In this study, we report that longer history of IBD and PSC as well as higher bilirubin and CA 19–9 were found to be the most important predictors of CCA in PSC patients. We showed that clinical variables and laboratory parameters predicted CCA significantly better than the commonly used risk scores. The results were generalizable over the course of PSC, showing similar performance at 2- and 5- years post PSC diagnosis. By studying a subset of patients, we found that BAs marginally improved CCA prediction beyond clinical variables and routine laboratory parameters.
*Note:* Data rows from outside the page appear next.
(* Let $T>0$, $\chi\in\mathbb{R}$, $\zeta\in\mathcal{C}^{\alpha_0}(\mathbb{T})$, $Z\in C_T\mathcal{C}^\alpha_0$, and let $w\in C_{\eta;T}\mathcal{C}^\alpha$ be a mild solution of the remainder equation on $[0,T]$. Then $\bar w_t=\bar\zeta$ for all $t\in(0,T]$.
   Context: $\mathbb{T}=\mathbb{R}/\mathbb{Z}$; $\bar f=\langle f,1\rangle$ is the spatial mean; $\mathcal{C}^\beta=\mathcal{B}^\beta_{\infty,\infty}(\mathbb{T})$ (Hölder–Besov space), subscript $0$ for mean zero; $C_TE=C([0,T];E)$; $C_{\eta;T}E$ is the space of continuous $f:(0,T]\to E$ with $\sup_t(t^\eta\wedge1)\|f_t\|_E<\infty$. Fixed parameters $\alpha_0\in(-\tfrac12,0)$, $\alpha\in(0,\alpha_0+\tfrac12)$, $\frac{\alpha-\alpha_0}2<\eta<\frac14$. $\rho_f$ is the mean-zero solution of $-\partial_{xx}\rho_f=f-\bar f$. A mild solution of the remainder equation on $[0,T]$ is $w\in C_{\eta;T}\mathcal{C}^\alpha$ with $w_t=e^{t\Delta}\zeta+\int_0^te^{(t-s)\Delta}\chi\partial_x((w_s+Z_s)^2\partial_x\rho_{w_s+Z_s})ds$ for all $t\in(0,T]$. *)

From HB Require Import structures.
From mathcomp Require Import all_boot all_order all_algebra.
From mathcomp Require Import all_classical all_reals all_analysis.
From Stdlib Require Import ClassicalEpsilon.
Set Implicit Arguments. Unset Strict Implicit. Unset Printing Implicit Defensive.
Import Order.TTheory GRing.Theory Num.Theory.
Import numFieldNormedType.Exports.
Local Open Scope classical_set_scope.
Local Open Scope ring_scope.

Section Defs.
Variable R : realType.

Notation leb := (@lebesgue_measure R).

(* A real periodic distribution u on T, given by its real Fourier coefficients:
   u.1 k = <u, cos(2 pi k .)>, u.2 k = <u, sin(2 pi k .)>, so that formally
   u = u.1 0 + 2 \sum_(k>=1) (u.1 k cos(2 pi k x) + u.2 k sin(2 pi k x)). *)
Definition tdist := ((nat -> R) * (nat -> R))%type.

Definition torus_fun (f : R -> R) : Prop :=
  (forall x, f (x + 1) = f x) /\ continuous f.

Definition tmean (f : R -> R) : R := \int[leb]_(x in `[0, 1]) f x.

Definition fdist (f : R -> R) : tdist :=
  (fun k => \int[leb]_(x in `[0, 1]) (f x * cos (2 * pi * k%:R * x)),
   fun k => \int[leb]_(x in `[0, 1]) (f x * sin (2 * pi * k%:R * x))).

Definition dmean (u : tdist) : R := u.1 0%N.

Definition dsub (u v : tdist) : tdist :=
  (fun k => u.1 k - v.1 k, fun k => u.2 k - v.2 k).

Definition heat (t : R) (u : tdist) : tdist :=
  (fun k => expR (- (4 * pi ^+ 2 * k%:R ^+ 2 * t)) * u.1 k,
   fun k => expR (- (4 * pi ^+ 2 * k%:R ^+ 2 * t)) * u.2 k).

Definition ddx (u : tdist) : tdist :=
  (fun k => 2 * pi * k%:R * u.2 k, fun k => - (2 * pi * k%:R * u.1 k)).

Definition dscale (c : R) (u : tdist) : tdist :=
  (fun k => c * u.1 k, fun k => c * u.2 k).

Definition smooth (f : R -> R) : Prop :=
  forall (n : nat) (x : R), derivable (derive1n n f) x 1.

Definition dyadic_partition (chi0 phi : R -> R) : Prop :=
  (smooth chi0 /\ smooth phi) /\
  ((forall x, 0 <= chi0 x <= 1) /\ (forall x, 0 <= phi x <= 1)) /\
  ((forall x, chi0 (- x) = chi0 x) /\ (forall x, phi (- x) = phi x)) /\
  ((forall x, 4 / 3 <= `|x| -> chi0 x = 0) /\
   (forall x, `|x| <= 3 / 4 \/ 8 / 3 <= `|x| -> phi x = 0)) /\
  (forall x, (fun n : nat => chi0 x + \sum_(j < n) phi (x / 2 ^+ j)) @ \oo --> (1 : R)).

(* Littlewood--Paley blocks: lp n = Delta_{n-1}, i.e. lp 0 = Delta_{-1}
   (multiplier chi0) and lp (m+1) = Delta_m (multiplier phi(2^-m .)).
   Since the multipliers vanish for |k| >= 2^(n+1), the sum is finite. *)
Definition lp_mult (chi0 phi : R -> R) (n : nat) (xi : R) : R :=
  if n is m.+1 then phi (xi / 2 ^+ m) else chi0 xi.

Definition lp_block (chi0 phi : R -> R) (u : tdist) (n : nat) (x : R) : R :=
  \sum_(k < 2 ^ n.+1)
    lp_mult chi0 phi n k%:R *
    (if val k == 0%N then u.1 0%N
     else 2 * (u.1 k * cos (2 * pi * k%:R * x) + u.2 k * sin (2 * pi * k%:R * x))).

(* weight 2^{j beta} with j = n - 1 *)
Definition lp_weight (beta : R) (n : nat) : R := 2 `^ ((n%:R - 1) * beta).

Definition in_holder (chi0 phi : R -> R) (beta : R) (u : tdist) : Prop :=
  exists C : R, forall (n : nat) (x : R),
    lp_weight beta n * `|lp_block chi0 phi u n x| <= C.

Definition holder_norm (chi0 phi : R -> R) (beta : R) (u : tdist) : R :=
  sup [set y | exists (n : nat) (x : R),
               y = lp_weight beta n * `|lp_block chi0 phi u n x|].

Definition in_CT_holder0 (chi0 phi : R -> R) (T alpha : R) (Z : R -> R -> R) : Prop :=
  (forall t, 0 <= t <= T ->
     [/\ torus_fun (Z t), in_holder chi0 phi alpha (fdist (Z t)) & tmean (Z t) = 0])
  /\ (forall t, 0 <= t <= T -> forall e : R, 0 < e -> exists2 d : R, 0 < d &
        forall s, 0 <= s <= T -> `|s - t| < d ->
          holder_norm chi0 phi alpha (dsub (fdist (Z s)) (fdist (Z t))) < e).

Definition in_CetaT_holder (chi0 phi : R -> R) (eta T alpha : R) (w : R -> R -> R) : Prop :=
  [/\ (forall t, 0 < t <= T ->
         torus_fun (w t) /\ in_holder chi0 phi alpha (fdist (w t))),
      (forall t, 0 < t <= T -> forall e : R, 0 < e -> exists2 d : R, 0 < d &
         forall s, 0 < s <= T -> `|s - t| < d ->
           holder_norm chi0 phi alpha (dsub (fdist (w s)) (fdist (w t))) < e) &
      exists C : R, forall t, 0 < t <= T ->
         Num.min (t `^ eta) 1 * holder_norm chi0 phi alpha (fdist (w t)) <= C].

Definition is_rho (f r : R -> R) : Prop :=
  [/\ forall x, r (x + 1) = r x,
      forall x, derivable r x 1,
      forall x, derivable (derive1 r) x 1,
      forall x, - derive1 (derive1 r) x = f x - tmean f &
      tmean r = 0].

Definition rho (f : R -> R) : R -> R :=
  epsilon (inhabits (fun _ : R => 0)) (is_rho f).

Definition nonlin (w Z : R -> R -> R) (s : R) (x : R) : R :=
  (w s x + Z s x) ^+ 2 * derive1 (rho (fun y => w s y + Z s y)) x.

Definition duhamel (chi : R) (w Z : R -> R -> R) (t s : R) : tdist :=
  heat (t - s) (dscale chi (ddx (fdist (nonlin w Z s)))).

(* mild solution of the remainder equation on [0,T]; the identity is an
   identity of distributions on T, tested against every Fourier mode *)
Definition mild_solution (chi0 phi : R -> R) (eta alpha T chi : R)
    (zeta : tdist) (Z w : R -> R -> R) : Prop :=
  in_CetaT_holder chi0 phi eta T alpha w /\
  forall t, 0 < t <= T -> forall k : nat,
    [/\ leb.-integrable `]0, t] (fun s => ((duhamel chi w Z t s).1 k)%:E),
        leb.-integrable `]0, t] (fun s => ((duhamel chi w Z t s).2 k)%:E),
        (fdist (w t)).1 k = (heat t zeta).1 k
                            + \int[leb]_(s in `]0, t]) (duhamel chi w Z t s).1 k &
        (fdist (w t)).2 k = (heat t zeta).2 k
                            + \int[leb]_(s in `]0, t]) (duhamel chi w Z t s).2 k].

End Defs.

(** The mean is the zeroth Fourier mode. The heat semigroup acts on that mode
    by the multiplier [expR 0 = 1], and every Duhamel integrand is a derivative,
    whose zeroth mode vanishes; so the zeroth mode of the mild formulation
    reduces to [mean (w t) = mean zeta + \int 0]. *)
From Pilot Require Import Defs.
From HB Require Import structures.
From mathcomp Require Import all_boot all_order all_algebra.
From mathcomp Require Import all_classical all_reals all_analysis.
Import Order.TTheory GRing.Theory Num.Theory.
Import numFieldNormedType.Exports.
Local Open Scope classical_set_scope.
Local Open Scope ring_scope.

Section MeanConservation.
Variable R : realType.

Lemma tmean_fdist (f : R -> R) : tmean f = dmean (fdist f).
Proof.
rewrite /tmean /dmean /fdist /=; apply: eq_Rintegral => x _.
by rewrite !(mulr0, mul0r) cos0 mulr1.
Qed.

Lemma dmean_heat (t : R) (u : tdist R) : dmean (heat t u) = dmean u.
Proof. by rewrite /dmean /heat /= expr0n /= !(mulr0, mul0r) oppr0 expR0 mul1r. Qed.

Lemma dmean_ddx (u : tdist R) : dmean (ddx u) = 0.
Proof. by rewrite /dmean /ddx /= mulr0 mul0r. Qed.

Lemma dmean_dscale (c : R) (u : tdist R) : dmean (Defs.dscale c u) = c * dmean u.
Proof. by []. Qed.

Lemma dmean_duhamel (chi : R) (w Z : R -> R -> R) (t s : R) :
  dmean (duhamel chi w Z t s) = 0.
Proof. by rewrite /duhamel dmean_heat dmean_dscale dmean_ddx mulr0. Qed.

Lemma mild_solution_tmean (chi0 phi : R -> R) (eta alpha T chi : R)
    (zeta : tdist R) (Z w : R -> R -> R) :
  mild_solution chi0 phi eta alpha T chi zeta Z w ->
  forall t, 0 < t <= T -> tmean (w t) = dmean zeta.
Proof.
move=> [_ mild] t t_in.
have [_ _ mode0 _] := mild t t_in 0%N.
have mean_eq : dmean (fdist (w t)) = dmean (heat t zeta)
    + \int[lebesgue_measure]_(s in `]0, t]) dmean (duhamel chi w Z t s) := mode0.
rewrite tmean_fdist mean_eq dmean_heat.
have -> : (fun s => dmean (duhamel chi w Z t s)) = fun=> 0.
  by apply/funext => s; apply: dmean_duhamel.
by rewrite Rintegral_cst // mul0r addr0.
Qed.

End MeanConservation.

Theorem corollary3p7 (R : realType) (chi0 phi : R -> R)
    (alpha0 alpha eta T chi : R) (zeta : tdist R) (Z w : R -> R -> R) :
  dyadic_partition chi0 phi ->
  - (1 / 2) < alpha0 -> alpha0 < 0 ->
  0 < alpha -> alpha < alpha0 + 1 / 2 ->
  (alpha - alpha0) / 2 < eta -> eta < 1 / 4 ->
  0 < T ->
  in_holder chi0 phi alpha0 zeta ->
  in_CT_holder0 chi0 phi T alpha Z ->
  mild_solution chi0 phi eta alpha T chi zeta Z w ->
  forall t, 0 < t <= T -> tmean (w t) = dmean zeta.
Proof.
(* Conservation of the mean is purely structural: the regularity assumptions
   only matter for existence of mild solutions, not for this identity. *)
by move=> _ _ _ _ _ _ _ _ _ _; apply: mild_solution_tmean.
Qed.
CCA is one of the most common causes of morbidity and mortality in patients with PSC. Accurate biomarkers with high sensitivity and specificity for prediction of CCA in PSC are lacking. Worsening of liver biochemistry or cholestasis, and onset of symptoms such as abdominal pain and jaundice should raise the suspicion for CCA. However, many patients with PSC complicated by CCA are asymptomatic. Recently updated guidelines from the American Association for the Study of Liver Diseases recommend routine screening for CCA in patients with PSC by cross sectional imaging with or without CA 19–9 [33]. However, the imaging modality and the optimal cutoff CA 19–9 to be used for screening are stil a subject of debate [33]. Thus, identification of markers and strategies to build predictive models of CCA represents a significant area of unmet clinical need in PSC.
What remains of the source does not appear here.